I was careful not to use Saidan's name in the lab as we processed the samples over the next few days. It was hard, as his name longed to slip off my tongue, but I ran every word through a mental filter and probably acted as stiff as a board. If the Valerians noticed anything was off, they didn't mention it. Saidan, for his part, was ruthlessly efficient in the lab. Absorbed in his work, he had no time for distractions, and I assume that's how he managed to keep our little secret.

The forbidden nature of our friendship made everything a little more intense. It was something shared only between him and I, a feeling transmitted through knowing looks and the occasional brush against one another. We both reached for equipment at the same time, and I finished one of his sentences for him. We had become attuned on another level. Perhaps we were always on the same wavelength all along, and that's how we'd become so close. Two scientific minds, never knowing they needed other people, and yet requiring one another.

Things were becoming complicated.

There was something new in our relationship too. A tension that bristled in the air. At first, I thought he was angry at me. I pondered on the possibility that I had said too much about Earth, but my hypothesis was thrown out of the window when he sought me out at Feeding Time.
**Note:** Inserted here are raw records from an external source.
Section Coproduct.
Variables (k : comPzRingType) (Sh T2 T3 : comAlgType k).
Variables (t2 : Sh -> Sh -> T2) (t3 : Sh -> Sh -> Sh -> T3).
Hypotheses (HT2 : is_alg_tensor2 t2) (HT3 : is_alg_tensor3 t3).

Lemma t2_spanning : pure_spanning t2.
Proof. exact: tensor2_spanning (proj1 HT2). Qed.

Lemma tensor2_family_mul (X : comAlgType k) (s : X -> T2 -> T3) :
  (forall x, lin (s x)) ->
  (forall x b c x' b' c',
     s x (t2 b c) * s x' (t2 b' c') = s (x * x') (t2 (b * b') (c * c'))) ->
  forall x x' u u', s x u * s x' u' = s (x * x') (u * u').
Proof.
move=> Hs Hst x x'; have [_ [_ t2M]] := HT2.
by apply: spanning_mul t2_spanning t2M _ _ _ _ => // b c b' c'; rewrite t2M Hst.
Qed.

Variable epse : Sh -> k.
Hypothesis Hepse : is_alg_char epse.

Lemma tensor2_counit_exists : exists ee : T2 -> Sh,
  is_alg_hom ee /\ forall a b, ee (t2 a b) = (epse a * epse b) *: 1.
Proof.
have [_ [e1 eM]] := Hepse; have [_ [t2one t2M]] := HT2.
have [||ee [Hee Heet]] :=
  tensor2_lift (proj1 HT2) (bil := fun a b => (epse a * epse b) *: (1 : Sh)).
- by move=> a r x y; rewrite (charD Hepse) (charZ Hepse) !scale_in_alg; ring.
- by move=> b r x y; rewrite (charD Hepse) (charZ Hepse) !scale_in_alg; ring.
exists ee; split=> //; split=> //; split; first by rewrite -t2one Heet e1 mulr1 scale1r.
move=> x y; symmetry; apply: (spanning_mul t2_spanning t2M Hee Hee Hee) => a b a' b'.
by rewrite !Heet !eM !scale_in_alg; ring.
Qed.

(* The pairing (u, c) |-> Lb c u presents Sh (x) Sh (x) Sh as (Sh (x) Sh) (x) Sh. *)
Variable Lb : Sh -> T2 -> T3.
Hypotheses (HLb : forall c, lin (Lb c)) (HLbt : forall a b c, Lb c (t2 a b) = t3 a b c).

Lemma assoc_mul_pairing : mul_pairing (fun u c => Lb c u).
Proof.
have [_ [t2one _]] := HT2; have [[_ [_ [t3r _]]] [t3one t3M]] := HT3.
split=> [||/=|].
- exact: HLb.
- by move=> a x y; rewrite -t2one !HLbt; exact: t3r.
- by rewrite -t2one HLbt t3one.
move=> u c u' c'; apply: tensor2_family_mul => // {}c a b {}c' a' b'.
by rewrite !HLbt t3M.
Qed.

Lemma assoc_spanning : pure_spanning (fun u c => Lb c u).
Proof.
move=> M f g Hf Hg Hfg; apply: (tensor3_spanning (proj1 HT3)) => // a b c.
by rewrite -HLbt Hfg.
Qed.

Variables (mu : k) (Pe : Sh -> Sh) (Pbar : T2 -> T2) (Pt : T3 -> T3).
Hypotheses (HPbar : lin Pbar) (HPt : lin Pt).
Hypothesis HPbart : forall a b, Pbar (t2 a b) =
  t2 (Pe a) (epse b *: 1) + mu *: t2 a (epse b *: 1) + t2 a (Pe b).
Hypothesis HPtt : forall a b c, Pt (t3 a b c) =
    t3 (Pe a + mu *: a) (epse b *: 1) (epse c *: 1)
  + t3 a (Pe b + mu *: b) (epse c *: 1)
  + t3 a b (Pe c).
"Nineteen." He was careful not to use my name. "The samples we extracted have met with an untimely end." His mouth seemed to be holding back at the edges, quivering with a smile he could not—should not—express, and yet, there it was anyway. Too subtle for the cameras to catch, but as far as I was concerned, he was loudly expressing his joy at the situation. "One of the lab assistants dropped the last fifty before they could be processed into the database. We will have to obtain a new set."

He was trying to find a way to spend time with me alone. It was a risky proposition, one that could see him punished if his ruse was discovered, but that only showed me the depth of his desire to be with me one-on-one.
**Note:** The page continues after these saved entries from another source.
Lemma has_1_23_4_insert_max p M (c : seq nat) : p <= size c -> {in c, forall z, z < M} ->
  has_1_23_4 (insert p M c) ->
  exists a b, occurs_1_23 ltn c a b /\ (b.+1 < p \/ p <= b /\ exists d, occurs_12_3 c b d).
Proof.
move=> le_pc lt_M [a [b [d /andP[occ]]]].
rewrite /occurs_12_3 size_insert ltnS => /and4P[lt_bd le_dc _ lt3].
case: (occurs_1_23_insert ltnn ltn_trans le_pc lt_M occ) => [[_ b1_p _] | [a_p b_p b1_p occ']].
  by rewrite b1_p in lt3; case/negP: (insert_max_not_prec ltnn ltn_trans le_pc lt_M le_dc).
exists (unbump p a), (unbump p b); split=> //.
have [lt_b1p | le_pb1] := ltnP b.+1 p.
  by left; rewrite /unbump; lia.
right; split; first by rewrite /unbump; lia.
exists (unbump p d).
have ub1 : unbump p b.+1 = (unbump p b).+1 by rewrite /unbump; lia.
have d_p : d != p by lia.
rewrite !nth_insert // (negbTE b1_p) (negbTE d_p) ub1 in lt3.
by case/and4P: occ' => _ _ _ ->; rewrite /occurs_12_3 lt3 !andbT /unbump; lia.
Qed.

Lemma occurs_1_23_catl prec (s t : seq nat) a b : b.+1 < size s ->
  occurs_1_23 prec (s ++ t) a b = occurs_1_23 prec s a b.
Proof.
move=> lt_bs; rewrite /occurs_1_23 size_cat !nth_cat lt_bs (ltnW lt_bs) ltn_addr //.
by case: ltnP => // lt_ab; rewrite (ltn_trans lt_ab (ltnW lt_bs)).
Qed.

Lemma occurs_12_3_catr (s t : seq nat) b d : size s <= b ->
  occurs_12_3 (s ++ t) b d = occurs_12_3 t (b - size s) (d - size s).
Proof.
move=> le_sb; rewrite /occurs_12_3 size_cat !nth_cat subSn //.
have [-> ->] : b < size s = false /\ b.+1 < size s = false by split; lia.
case: (ltnP b.+1 d) => lt_bd; last by have -> : (b - size s).+1 < d - size s = false by lia.
have -> : d < size s = false by lia.
by congr andb; lia.
Qed.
"I hadn't analyzed them at all," I said, with mock frustration in my voice. I sighed audibly and then worried I was laying it on too thick. "Can you obtain permission for another expedition?"
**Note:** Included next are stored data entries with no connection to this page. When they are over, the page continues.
Definition insRow (f : nat -> nat -> bool) r c := (r != r0) && f (unbump r0 r) c.

Lemma insRow_bump f i c : insRow f (bump r0 i) c = f i c.
Proof. by rewrite /insRow eq_sym neq_bump bumpK. Qed.

Lemma insRow_neq f r c : insRow f r c -> r != r0.
Proof. by case/andP. Qed.

Lemma ptfun_insRow f :
  ptfun k n (delRowLens r0 len) f -> ptfun k.+1 n len (insRow f).
Proof.
case=> inS col1 no0; split.
- move=> r c /[dup] /insRow_neq /unbumpK_neq <-.
  by rewrite insRow_bump bump_ltnS // -ltn_delRowLens => /inS.
- move=> c /col1[r rk fr]; exists (bump r0 r); by rewrite ?bump_ltnS ?insRow_bump.
- move=> r c r' c' + + + + + /[dup] /insRow_neq /unbumpK_neq Er' +
    + /[dup] /insRow_neq /unbumpK_neq Er.
  rewrite -Er -Er' bump_ltnS // -ltn_delRowLens ltn_bump2 !insRow_bump.
  exact: no0.
Qed.

Lemma ptfun_delRow f : ptfun k.+1 n len f -> (forall c, f r0 c = false) ->
  ptfun k n (delRowLens r0 len) (fun i c => f (bump r0 i) c).
Proof.
case=> inS col1 no0 f0; split.
- by move=> i c /inS; rewrite bump_ltnS // ltn_delRowLens.
- move=> c /col1[r rk fr]; have nr : r != r0 by apply: contraTneq fr => ->; rewrite f0.
  by exists (unbump r0 r); rewrite ?unbumpK_neq // -(bump_ltnS _ r0k) unbumpK_neq.
- move=> i c i' c' ik cn; rewrite ltn_delRowLens => il nf i'i.
  rewrite -(ltn_bump2 r0) in i'i; rewrite -(bump_ltnS _ r0k) in ik.
  exact: no0 ik cn il nf i'i.
Qed.

Lemma insRow_delRow f : (forall c, f r0 c = false) ->
  insRow (fun i c => f (bump r0 i) c) =2 f.
Proof.
move=> f0 r c; case: (eqVneq r r0) => [->|nr]; first by rewrite /insRow eqxx f0.
by rewrite -{1}(unbumpK_neq nr) insRow_bump unbumpK_neq.
Qed.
"Already done. Tomorrow." Saidan nodded and his braid bobbed. There was a conspiratorial spark in his bright amber eyes that seemed to ignite a fire inside me. He'd gone out of his way—despite the risks—to see me alone, because he wanted to spend time with me. I knew we were on a dangerous path, yet I couldn't snuff out the fire burning in my gut.

I caught a breath in my lungs and held it there, listening to the alarm of my body as it screamed out for air. I slowly let it out, uncoiling the knot inside my soul. If he caught any sign of my internal turmoil, he didn't show it. He got up from the table like a man with his business concluded, stiffly walking to stand in line for the elevator as the buzzer sounded. I watched the red light of the camera set on the wall as its eye rolled over me. I wondered if it saw what I saw. If it did, we were both in a lot of trouble.

*~*~*

"There's absolutely nothing here," I said, analyzing the remaining samples. Saidan had taught me how to use the Sisters to zoom in on particles. Soon, I was manipulating the images like a professional.

"That's the last one we have, " Saidan said. "The others were contaminated with glass when they were dropped. I suppose we won't have conclusive evidence until we retrieve more samples."

I knew it was untrue. Saidan had been working for years on the project, had taken thousands of samples, all showing the same thing. The land was dead for no discernible reason. It might have occurred to me at the time that Saidan was putting me above his life's work, that he was wasting valuable moments of a short life on our friendship, but I never saw it that way. I know now that the only waste was our continued analysis of the facts we already knew, and our growing friendship was the only fragment of truth in the whole world. At the time, I didn't understand it at all. I'd come to Valeria to learn, and all I was doing was hitting a scientific brick wall.

Before I knew it, my frustrated fist hit the table. The beakers and instruments rattled, moving from the vibration. Saidan turned to me at once, horrified by this outburst of emotion.